Study design and participating sites

The methods and theoretical application of this study have been previously described [43]. Briefly, a multiple case study [44] of implementation was conducted at three healthcare sites across New South Wales and Victoria, Australia. Sites had implemented exercise within routine care for people diagnosed with cancer and sustained service delivery for at least 12 months. We examined the exercise EBIs that were operating at each site.

Case descriptions

Case site A

Case site A is a publicly funded healthcare facility in New South Wales (NSW), Australia. It delivers specialist clinical services across various disciplines including cardiology, mental health, orthopaedics, and oncology. The organisation is also an established learning and teaching institute with research affiliations. The exercise EBI is delivered through the cancer survivorship service. The survivorship service was established in 2013 and is accessible to anyone who undergoes active cancer treatment at the site. Upon entry to the service, patients undergo an initial review with members of a multi-disciplinary team that includes an oncologist, nurse, psychologist, dietitian, and accredited exercise physiologist (AEP). The multi-disciplinary team then develops a holistic treatment plan. Multiple services are accessible through the survivorship program including individual consultations with allied health professionals, community-based group exercise programs, or participation in classes and workshops. Classes include yoga, art therapy, meditation, QiGong, and scrapbooking. Patients who undergo an initial assessment with the survivorship team can continue their medical treatment with the survivorship service or return to their original medical team for ongoing care. Approximately one-third of patients continue their care with the survivorship team for up to 5 years.

Case site B

Case site B is a community-based not-for-profit organisation in Victoria, Australia. The service commenced as a research project funded by the Victorian State Government. Through the initial funding, a company that continues to deliver exercise EBIs for people with and living after a cancer diagnosis was established. The service operates as a user-pay model that subsidises 50% of the EBI costs through donations/fund-raising and, where possible, accessing the universal healthcare system in Australia (Medicare). Case site B delivers the exercise EBI at five locations across metropolitan Melbourne (Victoria, Australia). Several factors were considered in selecting sites, including accessibility, ambience, and amenities. That is close to public transport, car parking and a coffee shop and facilities to conduct private clinical assessments and opportunities to participate in different exercise modalities. The delivery sites are owned and operated by third parties.
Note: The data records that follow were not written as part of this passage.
Definition scale_dmx (R : realType) k m (th : params R k m) (c : R) : params R k m :=
  Params (Defs.rot th) (ctr th) (fun j => c *: dmx th j) (expo th).

Lemma scale_dmx_dim0 (R : realType) k m (th : params R k m) c : k = 0%N ->
  scale_dmx th c = th.
Proof.
move=> k0; subst k; case: th => Q mu D p.
by congr Params; apply/funext => j; rewrite !flatmx0.
Qed.

Section problem.
Variables (R : realType) (k m : nat) (A : 'I_m -> set 'cV[R]_k).
Variables (n r : nat) (y : 'I_n -> 'cV[R]_k).
Hypotheses (r_range : (1 <= r <= n)%N) (m_gt0 : (0 < m)%N).
Implicit Types (th : params R k m) (c : R).

Local Notation sigma th := (sigma_r r (fun i => dist A th (y i))).
Local Notation feasible := (feasibleA A r y).
Local Notation objB := (objB A r y).

Lemma dist_ge0 th x : 0 <= dist A th x.
Proof. by rewrite sumr_ge0 // => j _; rewrite mulr_ge0 ?powR_ge0 //; case: ifP. Qed.

Lemma sigma_ge0 th : 0 <= sigma th.
Proof. by apply: sigma_r_ge0 => i; exact: dist_ge0. Qed.

Lemma sigma_scale th c : admissible th -> 0 < c -> sigma (scale_dmx th c) = c * sigma th.
Proof.
move=> [_ [_ p_gt0]] c_gt0; rewrite -sigma_rZ //; congr sigma_r; apply/funext => i.
rewrite /dist mulr_sumr; apply: eq_bigr => j _ /=.
by rewrite -scalemxAr -scalemxAl pnormZ // mulrCA.
Qed.

Lemma admissible_scale th c : admissible th -> 0 <= c -> admissible (scale_dmx th c).
Proof.
move=> [SOQ [D_psd p_gt0]] c_ge0; split=> //; split=> // j /=.
have [/is_diag_mxP D_diag D_ge0] := D_psd j.
split; last by move=> i; rewrite mxE mulr_ge0.
by apply/is_diag_mxP => i l il; rewrite mxE D_diag // mulr0.
Qed.

Lemma volsum_scale th c : admissible th -> 0 < c ->
  volsum (scale_dmx th c) = (((c ^+ k)^-1)%:E * volsum th)%E.
Proof.
move=> [_ [D_psd p_gt0]] c_gt0; rewrite /volsum ge0_sume_distrr => [|j _]; last first.
  by rewrite mule_ge0 // ?lee_fin ?ltW ?ballvol_gt0 ?detinv_gt0.
by apply: eq_bigr => j _ /=; rewrite detinv_scale // muleCA.
Qed.

Lemma volsum_gt0 th : admissible th -> (0 < volsum th)%E.
Proof.
move=> [_ [D_psd p_gt0]]; rewrite /volsum (bigD1 (Ordinal m_gt0)) //=.
have term_gt0 j : (0 < (ballvol k (expo th j))%:E * detinv (dmx th j))%E.
  by rewrite mule_gt0 ?lte_fin ?ballvol_gt0 ?detinv_gt0.
apply: lt_le_trans (term_gt0 (Ordinal m_gt0)) _.
by rewrite leeDl // sume_ge0 // => j _; rewrite ltW.
Qed.

Lemma feasibleAP th : feasible th <-> admissible th /\ sigma th <= 1.
Proof. by rewrite /feasibleA sigma_r_le. Qed.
People access the service through self-referral or referral from sources such as their workplace, health insurer, or medical team. On referral, an initial assessment is completed by an AEP and an individualised exercise plan is developed.

Case site C

Case site C is a publicly funded healthcare facility established with the sole purpose of treating cancer. The main campus is in metropolitan Melbourne, with four satellite sites located in local neighbourhoods and regional areas across Victoria, Australia. Case site C delivers adult cancer services through 13 cancer streams and operates a dedicated youth service. Exercise EBIs are provided for both adults and youth via different service models. For adults, the exercise EBI is situated within a multi-disciplinary prehabilitation program (i.e., a program that focuses on improving physical, emotional, nutritional, and general health before patients commence cancer treatment) and as a standalone allied health service that inpatients and outpatients can access. The prehabilitation program includes a comprehensive assessment and an established care plan that contains interventions from various disciplines (i.e., psychology, dietetics, AEP). The stand-alone allied health service typically offers limited sessions and supports on-referral to exercise opportunities in the community where possible. In the youth service, the exercise EBI is delivered by an AEP who is part of a multi-disciplinary team providing for the health and well-being of youth during and in the years after a cancer diagnosis.
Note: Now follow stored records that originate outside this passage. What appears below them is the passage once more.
Lemma step_ok_at k : k < size es -> inv (state_at k) (last_visitor_at k) (issued_at k) ->
  step_ok adj rv (state_at k) (last_visitor_at k)
    (state_at k.+1) (last_visitor_at k.+1) (issued_at k.+1).
Proof.
move=> lt_k invk; have [adj_sym adj_irr _ _] := tree.
have ok := event_ok_at lt_k; have fresh := @issue_unissued_at k ^~ lt_k.
have issued' := issued_at_succ _ lt_k.
rewrite state_at_succ //=; case E: (nth e0 es k) => [t [a|a]] in ok fresh issued' *.
- have [inv' mono visitors] := issue_step_ok t invk (fresh a erefl).
  by split=> //; apply: arrow_inv_eq_issued inv' => r; rewrite issued' /= eq_sym.
- have [w [u [ts [ha _]]]] := ok.
  have [inv' mono visitors] := deliver_step_ok adj_sym adj_irr t invk ha.
  by split=> //; apply: arrow_inv_eq_issued inv' => r; rewrite issued' orbF.
Qed.

Lemma inv_at k : k <= size es -> inv (state_at k) (last_visitor_at k) (issued_at k).
Proof.
elim: k => [|k IHk] le_k; first exact: init_inv.
by have [] := step_ok_at le_k (IHk (ltnW le_k)).
Qed.

Lemma queued_after_at_mono k j x y : k <= j -> j <= size es ->
  queued_after (queue_succ (state_at k)) x y -> queued_after (queue_succ (state_at j)) x y.
Proof.
elim: j => [|j IHj]; first by rewrite leqn0 => /eqP->.
rewrite leq_eqVlt => /orP[/eqP-> //|lt_kj] lt_j xy.
have [_ mono _] := step_ok_at lt_j (inv_at (ltnW lt_j)).
exact: mono (IHj lt_kj (ltnW lt_j) xy).
Qed.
Supplementary file 1 details the exercise EBI delivered at each site.

Data sources

Four data sources informed the explanation of implementation: [1] in-depth semi-structured interviews with purposely selected staff; [2] observational visits to the healthcare sites; [3] review of organisational documents; and [4] a validated survey that assesses the EBIs capacity for sustainability (Program Sustainability Assessment Tool (PSAT)) [45]. An interview guide was developed to help focus inquiry through the semi-structured interviews. Staff selected for the interviews represented a cross-section of roles (i.e., delivery staff, organisational executive) to enable comprehensive formation of the implementation process at each site. Observational visits focused on observing how the exercise EBI was delivered within the broader context of the healthcare sites typical operations. The research team asked questions and sought clarification of what was being observed, however, did not interrupt typical exercise programming. Organisational documents sought for review included items such as program-specific protocols, administrative documents, and consultancy reports. A list of typical documents sought was provided to sites by the research team to help identify relevant documents. Finally, the PSAT measures sustainability across eight domains (i.e., environmental support, funding stability, partnerships, organisational capacity, program evaluation, program adaption, communications, and strategic planning) and provides insights into EBIs’ strengths and weaknesses. A sub-set of staff who participated in interviews also completed the PSAT, aligned with the tools recommended use [46, 47]. A case study database was maintained to house and organise data.

Implementation science frameworks and program logic

Three frameworks and a program logic were applied to guide different aspects of the study. The Consolidated Framework for Implementation Research (CFIR) was used to identify and prioritise determinants at each site [15]. The strength and valance coding of the CFIR guided prioritisation [48]. The Expert Recommendations for Implementing Change (ERIC) was the taxonomy applied to provide a consistent description of implementation strategies used at each site [17] and the Implementation Outcomes Framework was used to define the outcomes of interest for this study (acceptability, fidelity, penetration, and sustainability) [20]. As the study was concerned with implementation in routine practice, we selected outcomes recommended for measurement in the later stages of implementation [20]. The program logic used to link these frameworks was the IRLM [26].

Supplementary file 2 summarises the conceptual and measurement framework of the study.

Data analysis

Descriptive statistics were calculated for the PSAT using IBM SPSS Statistics for Windows, Version 28 [49] to obtain one measure of sustainability per site. These findings were uploaded into NVivo software Version 12 [50], together with other data sources, and framework analysis was undertaken to make sense of the data [51]. Framework analysis includes 5 stages (i.e., familiarisation, identifying themes, indexing, charting, and mapping and interpretation), with the approach to data analysis shifting between deductive and inductive reasoning [52]. A deductive approach was adopted through earlier stages when data was indexed and charted directly to the elements of the CFIR, ERIC and Implementation Outcomes frameworks. Analysis shifted to an inductive approach when the IRLM was used to map and interpret the findings and produce a simplified logic model for each site that reflected the prioritised determinants. Finally, the IRLM provided the architecture for the cross-case analysis. The mechanisms of the implementation strategies were identified with reference to relevant literature [16, 53, 54]. The final step in the analysis was to combine each simplified IRLMs into one logic model by drawing out the common elements through inductive reasoning that contributed to the successful implementation of the exercise EBIs across case sites.

Results

Data sources

We collected 218 data points to inform the findings, which included 18 semi-structured interviews, approximately 95 hours of observations, 13 responses to the PSAT and 92 document reviews. Table 1 provides a breakdown of data points across case sites.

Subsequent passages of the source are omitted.